## Assignment:
Even where a line looks wrong, copy it exactly and include every entry.

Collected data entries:
Lemma NP_test_payoff_increment_le {R : realType} {c x h : R} (z : R) :
  0 < c -> 0 < x -> 0 < x + h ->
  `|((x + h) * z - c) * NP_test c (x + h) z - (x * z - c) * NP_test c x z
    - h * (z * NP_test c x z)|
  <= `|h| * (c / x) * \1_(`[minr (c / x) (c / (x + h)), maxr (c / x) (c / (x + h))]%classic) z.
Proof.
move=> c0 x0 xh0; rewrite !NP_testE indicE.
set u := c / x; set v := c / (x + h).
rewrite (_ : z \in _ = (minr u v <= z <= maxr u v)); last by rewrite mem_setE in_itv.
have u0 : 0 < u by rewrite divr_gt0 ?c_gt0.
have lin : (x + h) * z - c = (x + h) * (z - v).
  by rewrite /v; field; rewrite gt_eqF.
have hu : h * u = (x + h) * (u - v).
  by rewrite /u /v; field; rewrite !gt_eqF.
have between : minr u v <= z <= maxr u v -> `|(x + h) * z - c| <= `|h| * u.
  have -> : `|h| * u = `|(x + h) * (u - v)| by rewrite -hu normrM (gtr0_norm u0).
  rewrite lin !normrM ler_pM2l ?normr_gt0 ?gt_eqF //.
  by case: (lerP u v) => [uv|vu] /andP[zl zr]; rewrite ler_norml; apply/andP; split; lra.
have -> : ((x + h) * z - c) * (v < z)%R%:R - (x * z - c) * (u < z)%R%:R
    - h * (z * (u < z)%R%:R) = ((x + h) * z - c) * ((v < z)%R%:R - (u < z)%R%:R).
  by ring.
have hu0 : 0 <= `|h| * u by rewrite mulr_ge0 // ltW.
have [vz|zv] := ltP v z; have [uz|zu] := ltP u z;
  rewrite ?subrr ?mulr0 ?normr0; try by rewrite mulr_ge0 ?ler0n.
- have zuv : minr u v <= z <= maxr u v by rewrite ge_min le_max (ltW vz) zu orbT.
  by rewrite zuv subr0 !mulr1 (between zuv).
- have zuv : minr u v <= z <= maxr u v by rewrite ge_min le_max (ltW uz) zv orbT.
  by rewrite zuv sub0r mulrN1 normrN mulr1 (between zuv).
Qed.

Lemma continuous_density_itv_le {R : realType} {D : set R} {f : R -> R} {y : R} :
  open D -> D y -> (forall z, D z -> 0 <= f z) -> {within D, continuous f} ->
  exists M e : R, [/\ 0 <= M, 0 < e & forall a b, y - e < a -> a <= b -> b < y + e ->
    (\int[lebesgue_measure]_(z in `[a, b] `&` D) (f z)%:E <= (M * (b - a))%:E)%E].
Proof.
move=> oD Dy f0 cf.
have mD : measurable D := open_measurable oD.
move: cf; rewrite continuous_open_subspace // => cf.
have mf : measurable_fun D f by exact: open_continuous_measurable_fun.
move: (cf y (mem_set Dy)) => /cvgrPdist_lt /(_ 1 ltr01) /nbhs_ballP [e e0 near_y].
exists (f y + 1), e; split => [|//|a b ya ab yb]; first by rewrite addr_ge0 ?f0.
have mab : measurable (`[a, b] `&` D) by apply: measurableI => //; exact: measurable_itv.
apply: (@le_trans _ _ (\int[lebesgue_measure]_(z in `[a, b] `&` D) (f y + 1)%:E)%E).
  apply: ge0_le_integral => //.
  - by move=> z [_ /f0]; rewrite lee_fin.
  - by apply/measurable_EFinP; apply: measurable_funS mf => //; exact: subIsetr.
  - move=> z [/= zab _]; rewrite lee_fin.
    have : ball y e z.
      move: zab; rewrite in_itv /= => /andP[az zb].
      by rewrite /ball /= ltr_norml; apply/andP; split; lra.
    by move/near_y; rewrite /= ltr_norml => /andP[+ _]; lra.
rewrite integral_cst // EFinM lee_wpmul2l ?lee_fin ?addr_ge0 ?f0 //.
apply: le_trans; first by apply: measureIl => //; exact: measurable_itv.
have := lebesgue_measure_itv `[a, b]; rewrite /= lte_fin => ->.
by case: ltP => _; rewrite ?EFinB // lee_fin subr_ge0.
Qed.

Section integrable_EFin.
Context {R : realType} {d : measure_display} {T : measurableType d}.
Context {mu : {measure set T -> \bar R}} {D : set T}.
Hypothesis mD : measurable D.

Lemma integrableZl_EFin (k : R) {f : T -> R} : mu.-integrable D (EFin \o f) ->
  mu.-integrable D (EFin \o (fun w => k * f w)).
Proof.
by move=> /(integrableZl mD k); apply: eq_integrable.
Qed.

Lemma integrableB_EFin {f g : T -> R} : mu.-integrable D (EFin \o f) ->
  mu.-integrable D (EFin \o g) -> mu.-integrable D (EFin \o (fun w => f w - g w)).
Proof.
by move=> fi gi; apply: eq_integrable (integrableB mD fi gi).
Qed.

End integrable_EFin.

Lemma measurable_fun_divr_gt0 {R : realType} {d : measure_display} {T : measurableType d}
    {f g : T -> R} :
  measurable_fun setT f -> measurable_fun setT g -> (forall w, 0 < g w) ->
  measurable_fun setT (fun w => f w / g w).
Proof.
move=> mf mg g0.
(* on positive values 1/g = expR (- ln g), a composition of measurable maps *)
have -> : (fun w => f w / g w) = f \* (fun w => expR (- ln (g w))).
  by apply/funext => w; rewrite /= expRN lnK // posrE.
apply: measurable_funM => //; apply: measurableT_comp; first exact: measurable_expR.
by apply: measurable_funN; apply: measurableT_comp; first exact: measurable_ln.
Qed.

Lemma martingale_measurable {R : realType} {d : measure_display} {Omega : measurableType d}
    {Q : probability Omega R} {T : R} {F : R -> set (set Omega)} {X : R -> Omega -> R}
    {t : R} :
  filtration T F -> martingale Q T F X -> 0 <= t <= T -> measurable_fun setT (X t).
Proof.
by move=> [_ [FT _]] [adapted _] tT _ B mB; rewrite setTI; exact/FT/adapted.
Qed.

Section call_price_delta.
Context {R : realType} {d : measure_display} {Omega : measurableType d}.
Context {Q Q1 : probability Omega R} {Z : Omega -> R} {K disc : R}.
Hypotheses (mZ : measurable_fun setT Z) (Z_gt0 : forall w, 0 < Z w).
Hypothesis dQ1 : forall A, measurable A -> Q1 A = (\int[Q]_(w in A) (Z w)%:E)%E.
Hypotheses (K_gt0 : 0 < K) (disc_gt0 : 0 < disc).

Let c := K * disc.
Let c_gt0 : 0 < c. Proof. exact: mulr_gt0. Qed.

Let exercise x : set Omega := Z @^-1` [set z | c / x < z].

Let measurable_exercise x : measurable (exercise x).
Proof.
by rewrite -[exercise x]setTI; apply: mZ => //; rewrite -set_itvoy; exact: measurable_itv.
Qed.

## Answer:
Lemma NP_test_payoff_increment_le {R : realType} {c x h : R} (z : R) :
  0 < c -> 0 < x -> 0 < x + h ->
  `|((x + h) * z - c) * NP_test c (x + h) z - (x * z - c) * NP_test c x z
    - h * (z * NP_test c x z)|
  <= `|h| * (c / x) * \1_(`[minr (c / x) (c / (x + h)), maxr (c / x) (c / (x + h))]%classic) z.
Proof.
move=> c0 x0 xh0; rewrite !NP_testE indicE.
set u := c / x; set v := c / (x + h).
rewrite (_ : z \in _ = (minr u v <= z <= maxr u v)); last by rewrite mem_setE in_itv.
have u0 : 0 < u by rewrite divr_gt0 ?c_gt0.
have lin : (x + h) * z - c = (x + h) * (z - v).
  by rewrite /v; field; rewrite gt_eqF.
have hu : h * u = (x + h) * (u - v).
  by rewrite /u /v; field; rewrite !gt_eqF.
have between : minr u v <= z <= maxr u v -> `|(x + h) * z - c| <= `|h| * u.
  have -> : `|h| * u = `|(x + h) * (u - v)| by rewrite -hu normrM (gtr0_norm u0).
  rewrite lin !normrM ler_pM2l ?normr_gt0 ?gt_eqF //.
  by case: (lerP u v) => [uv|vu] /andP[zl zr]; rewrite ler_norml; apply/andP; split; lra.
have -> : ((x + h) * z - c) * (v < z)%R%:R - (x * z - c) * (u < z)%R%:R
    - h * (z * (u < z)%R%:R) = ((x + h) * z - c) * ((v < z)%R%:R - (u < z)%R%:R).
  by ring.
have hu0 : 0 <= `|h| * u by rewrite mulr_ge0 // ltW.
have [vz|zv] := ltP v z; have [uz|zu] := ltP u z;
  rewrite ?subrr ?mulr0 ?normr0; try by rewrite mulr_ge0 ?ler0n.
- have zuv : minr u v <= z <= maxr u v by rewrite ge_min le_max (ltW vz) zu orbT.
  by rewrite zuv subr0 !mulr1 (between zuv).
- have zuv : minr u v <= z <= maxr u v by rewrite ge_min le_max (ltW uz) zv orbT.
  by rewrite zuv sub0r mulrN1 normrN mulr1 (between zuv).
Qed.

Lemma continuous_density_itv_le {R : realType} {D : set R} {f : R -> R} {y : R} :
  open D -> D y -> (forall z, D z -> 0 <= f z) -> {within D, continuous f} ->
  exists M e : R, [/\ 0 <= M, 0 < e & forall a b, y - e < a -> a <= b -> b < y + e ->
    (\int[lebesgue_measure]_(z in `[a, b] `&` D) (f z)%:E <= (M * (b - a))%:E)%E].
Proof.
move=> oD Dy f0 cf.
have mD : measurable D := open_measurable oD.
move: cf; rewrite continuous_open_subspace // => cf.
have mf : measurable_fun D f by exact: open_continuous_measurable_fun.
move: (cf y (mem_set Dy)) => /cvgrPdist_lt /(_ 1 ltr01) /nbhs_ballP [e e0 near_y].
exists (f y + 1), e; split => [|//|a b ya ab yb]; first by rewrite addr_ge0 ?f0.
have mab : measurable (`[a, b] `&` D) by apply: measurableI => //; exact: measurable_itv.
apply: (@le_trans _ _ (\int[lebesgue_measure]_(z in `[a, b] `&` D) (f y + 1)%:E)%E).
  apply: ge0_le_integral => //.
  - by move=> z [_ /f0]; rewrite lee_fin.
  - by apply/measurable_EFinP; apply: measurable_funS mf => //; exact: subIsetr.
  - move=> z [/= zab _]; rewrite lee_fin.
    have : ball y e z.
      move: zab; rewrite in_itv /= => /andP[az zb].
      by rewrite /ball /= ltr_norml; apply/andP; split; lra.
    by move/near_y; rewrite /= ltr_norml => /andP[+ _]; lra.
rewrite integral_cst // EFinM lee_wpmul2l ?lee_fin ?addr_ge0 ?f0 //.
apply: le_trans; first by apply: measureIl => //; exact: measurable_itv.
have := lebesgue_measure_itv `[a, b]; rewrite /= lte_fin => ->.
by case: ltP => _; rewrite ?EFinB // lee_fin subr_ge0.
Qed.

Section integrable_EFin.
Context {R : realType} {d : measure_display} {T : measurableType d}.
Context {mu : {measure set T -> \bar R}} {D : set T}.
Hypothesis mD : measurable D.

Lemma integrableZl_EFin (k : R) {f : T -> R} : mu.-integrable D (EFin \o f) ->
  mu.-integrable D (EFin \o (fun w => k * f w)).
Proof.
by move=> /(integrableZl mD k); apply: eq_integrable.
Qed.

Lemma integrableB_EFin {f g : T -> R} : mu.-integrable D (EFin \o f) ->
  mu.-integrable D (EFin \o g) -> mu.-integrable D (EFin \o (fun w => f w - g w)).
Proof.
by move=> fi gi; apply: eq_integrable (integrableB mD fi gi).
Qed.

End integrable_EFin.

Lemma measurable_fun_divr_gt0 {R : realType} {d : measure_display} {T : measurableType d}
    {f g : T -> R} :
  measurable_fun setT f -> measurable_fun setT g -> (forall w, 0 < g w) ->
  measurable_fun setT (fun w => f w / g w).
Proof.
move=> mf mg g0.
(* on positive values 1/g = expR (- ln g), a composition of measurable maps *)
have -> : (fun w => f w / g w) = f \* (fun w => expR (- ln (g w))).
  by apply/funext => w; rewrite /= expRN lnK // posrE.
apply: measurable_funM => //; apply: measurableT_comp; first exact: measurable_expR.
by apply: measurable_funN; apply: measurableT_comp; first exact: measurable_ln.
Qed.

Lemma martingale_measurable {R : realType} {d : measure_display} {Omega : measurableType d}
    {Q : probability Omega R} {T : R} {F : R -> set (set Omega)} {X : R -> Omega -> R}
    {t : R} :
  filtration T F -> martingale Q T F X -> 0 <= t <= T -> measurable_fun setT (X t).
Proof.
by move=> [_ [FT _]] [adapted _] tT _ B mB; rewrite setTI; exact/FT/adapted.
Qed.

Section call_price_delta.
Context {R : realType} {d : measure_display} {Omega : measurableType d}.
Context {Q Q1 : probability Omega R} {Z : Omega -> R} {K disc : R}.
Hypotheses (mZ : measurable_fun setT Z) (Z_gt0 : forall w, 0 < Z w).
Hypothesis dQ1 : forall A, measurable A -> Q1 A = (\int[Q]_(w in A) (Z w)%:E)%E.
Hypotheses (K_gt0 : 0 < K) (disc_gt0 : 0 < disc).

Let c := K * disc.
Let c_gt0 : 0 < c. Proof. exact: mulr_gt0. Qed.

Let exercise x : set Omega := Z @^-1` [set z | c / x < z].

Let measurable_exercise x : measurable (exercise x).
Proof.
by rewrite -[exercise x]setTI; apply: mZ => //; rewrite -set_itvoy; exact: measurable_itv.
Qed.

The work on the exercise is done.